(* Let $P$ be a finite lattice and $f\in\mathcal{L}_P$. If $s$ is a minimal element of $\mathcal{S}_f=\{s\in\mathcal{L}_P: f+s=1\}$, then $s$ is prime, i.e. $P\setminus\Phi s$ is closed under $\wedge$.
   Context: $P$ is a finite lattice with greatest element $\hat p$. $\mathcal{L}_P$ is the set of maps $f:P\to P$ satisfying (A.1) $a\le f(a)$; (A.2) $a\le b\Rightarrow f(a)\le f(b)$; (A.3) $f(f(a))=f(a)$, ordered pointwise; it is a lattice with join $+$ and greatest element $1:a\mapsto\hat p$. $\Phi f=\{a:f(a)=a\}$; one has $f+s=1$ iff $\Phi f\cap\Phi s=\{\hat p\}$. A map is prime if its set of non-fixed points is closed under $\wedge$. *)

From HB Require Import structures.
From mathcomp Require Import all_boot all_order.
Set Implicit Arguments. Unset Strict Implicit. Unset Printing Implicit Defensive.
Import Order.TTheory.
Local Open Scope order_scope.

(* A finite lattice P: a finite (nonempty) lattice, hence with top \top = \hat p. *)

Definition closure_op {d} {P : finTBLatticeType d} (f : P -> P) : Prop :=
  [/\ forall a : P, a <= f a,
      forall a b : P, a <= b -> f a <= f b
    & forall a : P, f (f a) = f a].

Definition le_op {d} {P : finTBLatticeType d} (f g : P -> P) : Prop :=
  forall a : P, f a <= g a.

Definition one_op {d} {P : finTBLatticeType d} : P -> P := fun _ => \top.

Definition is_join_op {d} {P : finTBLatticeType d} (f s h : P -> P) : Prop :=
  [/\ closure_op h, le_op f h, le_op s h
    & forall g : P -> P, closure_op g -> le_op f g -> le_op s g -> le_op h g].

Definition in_Sf {d} {P : finTBLatticeType d} (f s : P -> P) : Prop :=
  closure_op s /\ is_join_op f s one_op.

Definition minimal_in_Sf {d} {P : finTBLatticeType d} (f s : P -> P) : Prop :=
  in_Sf f s /\ forall t : P -> P, in_Sf f t -> le_op t s -> forall a, t a = s a.

(* fixed points Phi f, and primality: P \ Phi s closed under meet *)
Definition prime_op {d} {P : finTBLatticeType d} (s : P -> P) : Prop :=
  forall a b : P, s a != a -> s b != b -> s (a `&` b) != a `&` b.

From mathcomp Require Import all_boot all_order.
Import Order.TTheory.
Local Open Scope order_scope.
Set Implicit Arguments. Unset Strict Implicit.

(* If s is minimal with f + s = 1 and s a <> a, then shrinking s on the
   down-set of a (a' |-> a /\ s a' for a' <= a) gives a smaller closure
   operator t, so f + t <> 1: some y in Phi s makes a /\ y a fixed point of f
   other than the top.  With such witnesses y for a and z for b, the element
   (a /\ y) /\ (b /\ z) = (a /\ b) /\ (y /\ z) lies in Phi f, and also in
   Phi s if a /\ b did; then it is the top, and so is a /\ y. *)

Section ClosureOperators.
Variables (d : Order.disp_t) (P : finTBLatticeType d).
Implicit Types (f g h s : P -> P) (x : P).

Lemma closure_op_fix_meet h x y :
  closure_op h -> h x = x -> h y = y -> h (x `&` y) = x `&` y.
Proof.
move=> [h_ext h_mono _] hx hy; apply/le_anti; rewrite h_ext andbT lexI.
by rewrite -{2}hx -{3}hy !h_mono ?leIl ?leIr.
Qed.

Lemma closure_op_le_fix h x a : closure_op h -> h x = x -> a <= x -> h a <= x.
Proof. by move=> [_ h_mono _] hx ax; rewrite -hx h_mono. Qed.

Lemma le_op_fix h g a : closure_op h -> closure_op g -> le_op h g -> h (g a) = g a.
Proof.
move=> [h_ext _ _] [_ _ g_idem] hg; apply/le_anti.
by rewrite h_ext andbT -[X in _ <= X]g_idem hg.
Qed.

Definition principal_op x : P -> P := fun a => if a <= x then x else \top.

Lemma closure_principal_op x : closure_op (principal_op x).
Proof.
rewrite /principal_op; split=> [a|a b ab|a]; first by case: ifP.
  by case bx: (b <= x); [rewrite (le_trans ab bx) | case: ifP].
by case: (a <= x); [rewrite lexx | case: ifP => // tx; apply/le_anti; rewrite tx lex1].
Qed.

Lemma le_principal_op h x : closure_op h -> h x = x -> le_op h (principal_op x).
Proof. by move=> hc hx a; rewrite /principal_op; case: ifP => // /(closure_op_le_fix hc hx). Qed.

Lemma join_one_opP f s : closure_op f -> closure_op s ->
  is_join_op f s one_op <-> forall x, f x = x -> s x = x -> x = \top.
Proof.
move=> fc sc; split=> [[_ _ _ one_least] x fx sx | common_fix_top].
  have := one_least _ (closure_principal_op x) (le_principal_op fc fx).
  move=> /(_ (le_principal_op sc sx) x); rewrite /principal_op lexx => topx.
  by apply/le_anti; rewrite topx lex1.
split=> // [| a | a | g gc fg sg a]; try exact: lex1.
  by split=> *; rewrite /one_op ?lex1.
by rewrite /one_op (common_fix_top (g a)) ?lexx //; exact: le_op_fix.
Qed.

Definition cut_op x s : P -> P := fun a => if a <= x then x `&` s a else s a.

Lemma closure_cut_op x s : closure_op s -> closure_op (cut_op x s).
Proof.
move=> [s_ext s_mono s_idem]; rewrite /cut_op; split=> [a|a b ab|a].
- by case: ifP => [ax|_]; rewrite ?lexI ?ax s_ext.
- case bx: (b <= x); first by rewrite (le_trans ab bx) leI2 ?s_mono.
  by case: ifP => _; [apply: le_trans (leIr _ _) _|]; apply: s_mono.
- case ax: (a <= x); last first.
    have -> : (s a <= x) = false by apply: contraFF ax; apply: le_trans.
    exact: s_idem.
  rewrite leIl; congr (_ `&` _); apply/le_anti.
  by rewrite -[X in _ <= X]s_idem !s_mono ?leIr // lexI ax s_ext.
Qed.

Lemma le_cut_op x s : le_op (cut_op x s) s.
Proof. by move=> a; rewrite /cut_op; case: ifP => // _; apply: leIr. Qed.

Lemma cut_op_id x s : closure_op s -> cut_op x s x = x.
Proof. by move=> [s_ext _ _]; rewrite /cut_op lexx meet_l. Qed.

Lemma minimal_in_Sf_nonfix_meet f s x : closure_op f -> minimal_in_Sf f s ->
  s x != x -> exists y, [/\ s y = y, f (x `&` y) = x `&` y & x `&` y != \top].
Proof.
move=> fc [[sc sS] s_min] sx.
case: (boolP [exists y, [&& s y == y, f (x `&` y) == x `&` y & x `&` y != \top]]).
  by move=> /existsP [y /and3P [/eqP sy /eqP fxy xy_top]]; exists y.
move=> /existsPn no_witness; have [_ _ s_idem] := sc.
have tc := closure_cut_op x sc.
have tS : in_Sf f (cut_op x s).
  split=> //; apply/join_one_opP => // z fz; rewrite /cut_op.
  case: ifP => _ tz; last exact: (join_one_opP fc sc).1 sS z fz tz.
  have := no_witness (s z); rewrite s_idem eqxx tz fz eqxx /=.
  by move=> /negPn/eqP.
have := s_min _ tS (le_cut_op x s) x.
by rewrite cut_op_id // => xs; rewrite -xs eqxx in sx.
Qed.

End ClosureOperators.

Theorem mainTheorem13 (d : Order.disp_t) (P : finTBLatticeType d) (f s : P -> P) :
  closure_op f -> minimal_in_Sf f s -> prime_op s.
Proof.
move=> fc s_min a b sa sb; apply/negP => /eqP sab.
have [[sc sS] _] := s_min.
have [y [sy fay ay_top]] := minimal_in_Sf_nonfix_meet fc s_min sa.
have [z [sz fbz _]] := minimal_in_Sf_nonfix_meet fc s_min sb.
pose w := (a `&` y) `&` (b `&` z).
have fw : f w = w by apply: closure_op_fix_meet.
have sw : s w = w.
  by rewrite /w meetACA; do 2!apply: closure_op_fix_meet => //.
have w_top := (join_one_opP fc sc).1 sS w fw sw.
by move/eqP: ay_top; apply; apply/le_anti; rewrite lex1 -w_top; exact: leIl.
Qed.
Lemma Pgen_pos_rt_iff k a b : 0 < k -> clos_refl_trans nat (Pgen k) a b <->
  a = b \/ (a mod 2 = 0 /\ a <= b /\ b <= 2 * k + 1).
Proof.
  intro Hk; assert (Ek : (k =? 0) = false) by (apply Nat.eqb_neq; lia).
  split.
  - induction 1 as [x y Hxy | | ]; [unfold Pgen in Hxy; rewrite Ek in Hxy | |];
      [destruct Hxy as [(i & Hi & -> & ->) | (i & Hi & -> & ->)] | |]; mod_lia.
  - intros [-> | (Ha & Hab & Hb)]; [apply rt_refl |].
    assert (Hspine : forall i, a / 2 <= i < a / 2 + (b - a) / 2 -> Pgen k (2 * i) (2 * i + 2))
      by (intros i Hi; unfold Pgen; rewrite Ek; left; exists i; mod_lia).
    apply rt_trans with (2 * (a / 2) + 2 * ((b - a) / 2)).
    + replace a with (2 * (a / 2)) at 1 by mod_lia; apply Pgen_spine_rt; auto.
    + destruct (Nat.eq_dec (b mod 2) 0).
      * replace b with (2 * (a / 2) + 2 * ((b - a) / 2)) at 2 by mod_lia; apply rt_refl.
      * apply rt_step; unfold Pgen; rewrite Ek.
        right; exists (a / 2 + (b - a) / 2); mod_lia.
Qed.

(* The element a of P_k sits at 2a in its copy, so the spine 2i of P_k is at 4i and
   its leaves at 4i + 2; in P_0 the leaf 4i + 2 hangs above the spine point 4i + 4. *)
Lemma Pfam0_true_iff u v : Pfam 0 u v = true <->
  u = v \/ (u mod 4 = 0 /\ ((v mod 4 = 0 /\ u <= v) \/ (v mod 4 = 2 /\ u <= v + 2))).
Proof.
  unfold Pfam, Ple; rewrite tilde_true_iff; split.
  - intros [-> | (a & b & -> & -> & _ & _ & Hab)]; [now left |].
    rewrite pbool_true_iff, Pgen0_rt_iff in Hab; mod_lia.
  - intros [-> | Huv]; [now left | right].
    exists (u / 2), (v / 2); repeat split; try mod_lia.
    rewrite pbool_true_iff, Pgen0_rt_iff; mod_lia.
Qed.

Lemma Pfam_pos_true_iff k u v : 0 < k -> Pfam k u v = true <->
  u = v \/ (u mod 4 = 0 /\ v mod 2 = 0 /\ u <= v /\ v <= 4 * k + 2).
Proof.
  intro Hk; unfold Pfam, Ple, Pdom.
  replace (k =? 0) with false by (symmetry; apply Nat.eqb_neq; lia).
  rewrite tilde_true_iff; split.
  - intros [-> | (a & b & -> & -> & Da & Db & Hab)]; [now left |].
    rewrite Nat.leb_le in Da, Db; rewrite pbool_true_iff, Pgen_pos_rt_iff in Hab by exact Hk; mod_lia.
  - intros [-> | Huv]; [now left | right].
    exists (u / 2), (v / 2); rewrite !Nat.leb_le, pbool_true_iff, Pgen_pos_rt_iff by exact Hk.
    repeat split; mod_lia.
Qed.

Lemma Pfam_zero_le k v : v mod 2 = 0 -> k = 0 \/ v <= 4 * k + 2 -> Pfam k 0 v = true.
Proof.
  intros Hv [-> | Hk]; [apply Pfam0_true_iff; mod_lia |].
  destruct (Nat.eq_dec k 0) as [-> | Hk0]; [apply Pfam0_true_iff; mod_lia |].
  apply Pfam_pos_true_iff; mod_lia.
Qed.

Lemma Pfam_pos_comparable k u v : 0 < k -> u <> v -> comparable (Pfam k) u v ->
  u mod 2 = 0 /\ u < 4 * k + 4.
Proof. intros Hk Huv [H | H]; rewrite Pfam_pos_true_iff in H by exact Hk; mod_lia. Qed.

Lemma Pfam_pos_pendant k y : 0 < k -> comparable (Pfam k) 2 y -> y = 0 \/ y = 2.
Proof. intros Hk [H | H]; rewrite Pfam_pos_true_iff in H by exact Hk; mod_lia. Qed.

Lemma Pfam_comparable_even k u v : u <> v -> comparable (Pfam k) u v -> u mod 2 = 0.
Proof.
  intros Huv [H | H]; apply tilde_true_iff in H as [? | (a & b & -> & -> & _)]; mod_lia.
Qed.

Lemma Pfam0_two_partners u : u mod 2 = 0 ->
  exists w w', w <= 4 /\ w' <= 4 /\ w <> w' /\ w <> u /\ w' <> u /\
    comparable (Pfam 0) u w /\ comparable (Pfam 0) u w'.
Proof.
  intro Hu; destruct (Nat.eq_dec u 0) as [-> | H0]; [exists 2, 4 |].
  2: destruct (Nat.eq_dec u 4) as [-> | H4]; [exists 0, 2 | exists 0, 4].
  all: unfold comparable; rewrite !Pfam0_true_iff; mod_lia.
Qed.
(* Let $g:[a,b]\to\mathbb R$ be a derivator with $D_g$ finite; write $D_g=\{x_1<x_2<\dots<x_{n-1}\}$ and set $x_0=a$, $x_n=b$ (so $x_1=a$ if $a\in D_g$). Then the linear map $$\Psi:\mathrm{UC}_g([a,b])\to\mathrm{UC}_{g^C}([x_0,x_1])\oplus\bigoplus_{j=2}^n\mathrm{UC}_{g^C}((x_{j-1},x_j]),\qquad \Psi(f)=\big(f|_{[x_0,x_1]},f|_{(x_1,x_2]},\dots,f|_{(x_{n-1},x_n]}\big),$$ is an isometric isomorphism, where the direct sum carries the norm $\|(v_1,\dots,v_n)\|=\max_j\|v_j\|_\infty$.
   Context: $\mathbb F\in\{\mathbb R,\mathbb C\}$. A derivator is a nondecreasing, left-continuous $g:[a,b]\to\mathbb R$. For $x\in[a,b)$, $\Delta g(x)=g(x^+)-g(x)$ and $D_g=\{x\in[a,b):\Delta g(x)>0\}$. The jump part is $g^B(x)=\sum_{y\in[a,x)\cap D_g}\Delta g(y)$ and the continuous part is $g^C=g-g^B$ (a continuous derivator). For a derivator $h$ and a set $J\subset[a,b]$ (here an interval), $\mathrm{UC}_h(J)$ is the space of functions $f:J\to\mathbb F$ that are uniformly $h$-continuous on $J$ (for every $\varepsilon>0$ there is $\delta>0$ such that for all $x,y\in J$, $|h(x)-h(y)|<\delta$ implies $|f(x)-f(y)|<\varepsilon$), with the supremum norm over $J$. $\mathrm{UC}_g([a,b])$ is this space for $h=g$, $J=[a,b]$. *)

From Stdlib Require Import Reals List Sorted ClassicalEpsilon.
From Coquelicot Require Import Coquelicot.
Open Scope R_scope.

(* g : [a,b] -> R is represented by g : R -> R; only values on [a,b] matter. *)
Definition derivator (a b : R) (g : R -> R) : Prop :=
  (forall x y, a <= x -> x <= y -> y <= b -> g x <= g y) /\
  (forall x, a < x <= b -> filterlim g (at_left x) (locally (g x))).

(* g(x^+) : the right limit of g at x (exists for a derivator, x in [a,b)). *)
Definition rlim (g : R -> R) (x : R) : R :=
  epsilon (inhabits 0) (fun l => filterlim g (at_right x) (locally l)).

Definition Delta (g : R -> R) (x : R) : R := rlim g x - g x.

Definition Dg (a b : R) (g : R -> R) (x : R) : Prop :=
  a <= x < b /\ Delta g x > 0.

(* Jump part, for D_g enumerated by the list xs:
   g^B(x) = sum_{y in [a,x) ∩ D_g} Delta g y   (elements of xs lie in [a,b)). *)
Fixpoint sum_jumps (g : R -> R) (a x : R) (xs : list R) : R :=
  match xs with
  | nil => 0
  | y :: ys =>
      (if Rle_dec a y then if Rlt_dec y x then Delta g y else 0 else 0)
      + sum_jumps g a x ys
  end.

Definition gB (g : R -> R) (a : R) (xs : list R) (x : R) : R := sum_jumps g a x xs.
Definition gC (g : R -> R) (a : R) (xs : list R) (x : R) : R := g x - gB g a xs x.

Definition dom (J : R -> Prop) : Type := {x : R | J x}.

Definition UC {K : AbsRing} (h : R -> R) (J : R -> Prop) (f : dom J -> K) : Prop :=
  forall eps : R, eps > 0 -> exists delta : R, delta > 0 /\
    forall x y : dom J, Rabs (h (proj1_sig x) - h (proj1_sig y)) < delta ->
      abs (minus (f x) (f y)) < eps.

Definition supn {K : AbsRing} {J : R -> Prop} (f : dom J -> K) : R :=
  real (Lub_Rbar (fun r => exists x, r = abs (f x))).

Definition ab (a b : R) (x : R) : Prop := a <= x <= b.

(* x_0 = a, x_1 < ... < x_{n-1} the elements of xs, x_n = b, n = |xs| + 1 *)
Definition pts (a b : R) (xs : list R) : list R := a :: xs ++ b :: nil.
Definition pt (a b : R) (xs : list R) (i : nat) : R := nth i (pts a b xs) 0.
Definition npieces (xs : list R) : nat := S (length xs).

(* piece j (0-based, j < n): j = 0 : [x_0, x_1];  j >= 1 : (x_j, x_{j+1}].
   (Intersected with [a,b], which does not change it under the hypotheses.) *)
Definition piece (a b : R) (xs : list R) (j : nat) (x : R) : Prop :=
  ab a b x /\
  match j with
  | O => pt a b xs 0 <= x <= pt a b xs 1
  | S _ => pt a b xs j < x <= pt a b xs (S j)
  end.

Definition Idx (n : nat) : Type := {j : nat | (j < n)%nat}.

Definition DSum (K : AbsRing) (a b : R) (xs : list R) : Type :=
  forall j : Idx (npieces xs), dom (piece a b xs (proj1_sig j)) -> K.

(* max norm on the direct sum (sup over the finite nonempty index set = max) *)
Definition dsnorm {K : AbsRing} {a b : R} {xs : list R} (v : DSum K a b xs) : R :=
  real (Lub_Rbar (fun r => exists j, r = supn (v j))).

Definition Psi {K : AbsRing} (a b : R) (xs : list R) (f : dom (ab a b) -> K)
  : DSum K a b xs :=
  fun j y => f (exist _ (proj1_sig y) (proj1 (proj2_sig y))).

(* The pieces are the level sets of [count_lt x xs], the number of jump points below [x]:
   on each piece g^B is constant, so g and g^C differ by a constant and uniform
   g-continuity there is uniform g^C-continuity. Conversely, points of different pieces are
   separated by a jump point, so their g-values differ by at least the smallest jump; below
   that threshold, g-closeness forces two points into one piece, which makes the function
   glued from uniformly g^C-continuous pieces uniformly g-continuous. Uniformly g-continuous
   functions are bounded, and the pieces cover [a, b], so the sup norm is the maximum of
   the sup norms of the pieces. *)

From Pilot Require Import Defs.
From Stdlib Require Import Reals List Sorted Lra Lia Classical ClassicalEpsilon FunctionalExtensionality.
From Coquelicot Require Import Coquelicot.
Open Scope R_scope.

Fixpoint count_lt (x : R) (l : list R) : nat :=
  match l with
  | nil => O
  | y :: ys => ((if Rlt_dec y x then 1 else 0) + count_lt x ys)%nat
  end.

Lemma count_lt_le_length x l : (count_lt x l <= length l)%nat.
Proof. induction l; simpl; [lia|]. destruct Rlt_dec; lia. Qed.

Lemma count_lt_le x y l : x <= y -> (count_lt x l <= count_lt y l)%nat.
Proof.
  intros Hxy. induction l as [|w l IH]; simpl; [lia|].
  destruct (Rlt_dec w x), (Rlt_dec w y); lia || lra.
Qed.

Lemma count_lt_eq_iff x y l : x <= y ->
  count_lt x l = count_lt y l <-> (forall z, In z l -> ~ (x <= z < y)).
Proof.
  intros Hxy. induction l as [|w l IH]; simpl; [tauto|].
  pose proof (count_lt_le x y l Hxy) as Hle.
  destruct (Rlt_dec w x), (Rlt_dec w y); split.
  - intros Heq z [<-|Hz]; [lra|]. apply IH; [lia|exact Hz].
  - intros Hno. apply f_equal, IH. auto.
  - lra.
  - lra.
  - intros; lia.
  - intros Hno. exfalso. apply (Hno w); auto. lra.
  - intros Heq z [<-|Hz]; [lra|]. apply IH; [lia|exact Hz].
  - intros Hno. apply IH. auto.
Qed.

Lemma count_lt_0 x l : (forall z, In z l -> x <= z) -> count_lt x l = O.
Proof.
  induction l as [|w l IH]; simpl; auto. intros H.
  rewrite IH by auto. specialize (H w (or_introl eq_refl)).
  destruct Rlt_dec; [lra|reflexivity].
Qed.

Lemma sum_jumps_no_between g a x y l : x <= y ->
  (forall z, In z l -> ~ (x <= z < y)) -> sum_jumps g a x l = sum_jumps g a y l.
Proof.
  intros Hxy. induction l as [|w l IH]; simpl; auto.
  intros H. rewrite IH by auto.
  specialize (H w (or_introl eq_refl)).
  destruct Rle_dec; auto. destruct (Rlt_dec w x), (Rlt_dec w y); lra.
Qed.

Lemma gB_count_lt g a l x y : count_lt x l = count_lt y l -> gB g a l x = gB g a l y.
Proof.
  unfold gB. intros H. destruct (Rle_dec x y).
  - apply sum_jumps_no_between; auto. apply count_lt_eq_iff; auto.
  - symmetry. apply sum_jumps_no_between; [lra|]. apply count_lt_eq_iff; auto; lra.
Qed.

Definition slot (b : R) (l : list R) (j : nat) (x : R) : Prop :=
  match j with
  | O => x <= nth 0 (l ++ b :: nil) 0
  | S k => nth k (l ++ b :: nil) 0 < x <= nth (S k) (l ++ b :: nil) 0
  end.

Lemma count_lt_slot b l : StronglySorted Rlt l -> (forall z, In z l -> z < b) ->
  forall j x, (j <= length l)%nat -> x <= b -> (count_lt x l = j <-> slot b l j x).
Proof.
  induction l as [|y ys IH]; intros Hs Hb j x Hj Hx.
  - simpl in Hj. assert (j = O) by lia. subst. simpl. tauto.
  - inversion Hs as [|? ? Hs' Hall]; subst.
    rewrite Forall_forall in Hall.
    assert (Hy : forall k, (k <= length ys)%nat -> y < nth k (ys ++ b :: nil) 0).
    { intros k Hk. assert (Hin : In (nth k (ys ++ b :: nil) 0) (ys ++ b :: nil)).
      { apply nth_In. rewrite length_app; simpl; lia. }
      apply in_app_or in Hin. destruct Hin as [Hz|[<-|[]]]; auto. apply Hb; simpl; auto. }
    simpl in Hj. specialize (IH Hs' (fun z Hz => Hb z (or_intror Hz))).
    simpl count_lt. destruct (Rlt_dec y x) as [Hyx|Hyx].
    + destruct j as [|k]; [simpl; split; [lia|lra]|].
      specialize (IH k x ltac:(lia) Hx). unfold slot in *. simpl app.
      destruct k as [|m]; simpl nth.
      * split; [intros H; split; [lra| apply IH; lia]|]. intros [_ H]. apply IH in H. lia.
      * split; [intros H; apply IH; lia|]. intros H. apply IH in H. lia.
    + rewrite count_lt_0 by (intros z Hz; specialize (Hall z Hz); lra).
      destruct j as [|k]; [simpl; split; auto; lra|].
      unfold slot. split; [lia|]. intros [H1 H2]. exfalso. simpl app in H1.
      destruct k as [|m]; simpl nth in H1; [lra|].
      assert (y < nth m (ys ++ b :: nil) 0) by (apply Hy; lia). lra.
Qed.

Lemma piece_iff_count_lt a b xs j x : StronglySorted Rlt xs -> (forall z, In z xs -> z < b) ->
  (j <= length xs)%nat -> (piece a b xs j x <-> ab a b x /\ count_lt x xs = j).
Proof.
  intros Hs Hb Hj. unfold piece, pt, pts.
  split; intros [Hab Hx]; split; auto; unfold ab in Hab;
    destruct j as [|k]; simpl nth in *.
  - apply (count_lt_slot b xs Hs Hb O x); [lia|lra|exact (proj2 Hx)].
  - apply (count_lt_slot b xs Hs Hb (S k) x); auto; lra.
  - split; [lra|]. apply (count_lt_slot b xs Hs Hb O x); [lia|lra|auto].
  - apply (count_lt_slot b xs Hs Hb (S k) x); auto; lra.
Qed.

Lemma abs_le_abs_plus_minus {K : AbsRing} (x y : K) : abs x <= abs y + abs (minus x y).
Proof.
  rewrite <- (minus_zero_r x) at 1. rewrite (minus_trans y), minus_zero_r.
  rewrite Rplus_comm. apply abs_triangle.
Qed.

Lemma real_Lub_Rbar_le (E : R -> Prop) u :
  (forall r, E r -> r <= u) -> 0 <= u -> real (Lub_Rbar E) <= u.
Proof.
  intros H Hu. pose proof (Lub_Rbar_correct E) as [_ Hlub].
  assert (Rbar_le (Lub_Rbar E) u) by (apply Hlub; intros r Hr; apply H; auto).
  destruct (Lub_Rbar E); simpl in *; auto; contradiction.
Qed.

[Your task]:
From the material above, set down exactly the lines between the line holding "have sw : s w = w." and the line holding "(* The element", inclusive. Include nothing else.

[Reply to the task]:
have sw : s w = w.
  by rewrite /w meetACA; do 2!apply: closure_op_fix_meet => //.
have w_top := (join_one_opP fc sc).1 sS w fw sw.
by move/eqP: ay_top; apply; apply/le_anti; rewrite lex1 -w_top; exact: leIl.
Qed.
Lemma Pgen_pos_rt_iff k a b : 0 < k -> clos_refl_trans nat (Pgen k) a b <->
  a = b \/ (a mod 2 = 0 /\ a <= b /\ b <= 2 * k + 1).
Proof.
  intro Hk; assert (Ek : (k =? 0) = false) by (apply Nat.eqb_neq; lia).
  split.
  - induction 1 as [x y Hxy | | ]; [unfold Pgen in Hxy; rewrite Ek in Hxy | |];
      [destruct Hxy as [(i & Hi & -> & ->) | (i & Hi & -> & ->)] | |]; mod_lia.
  - intros [-> | (Ha & Hab & Hb)]; [apply rt_refl |].
    assert (Hspine : forall i, a / 2 <= i < a / 2 + (b - a) / 2 -> Pgen k (2 * i) (2 * i + 2))
      by (intros i Hi; unfold Pgen; rewrite Ek; left; exists i; mod_lia).
    apply rt_trans with (2 * (a / 2) + 2 * ((b - a) / 2)).
    + replace a with (2 * (a / 2)) at 1 by mod_lia; apply Pgen_spine_rt; auto.
    + destruct (Nat.eq_dec (b mod 2) 0).
      * replace b with (2 * (a / 2) + 2 * ((b - a) / 2)) at 2 by mod_lia; apply rt_refl.
      * apply rt_step; unfold Pgen; rewrite Ek.
        right; exists (a / 2 + (b - a) / 2); mod_lia.
Qed.

(* The element a of P_k sits at 2a in its copy, so the spine 2i of P_k is at 4i and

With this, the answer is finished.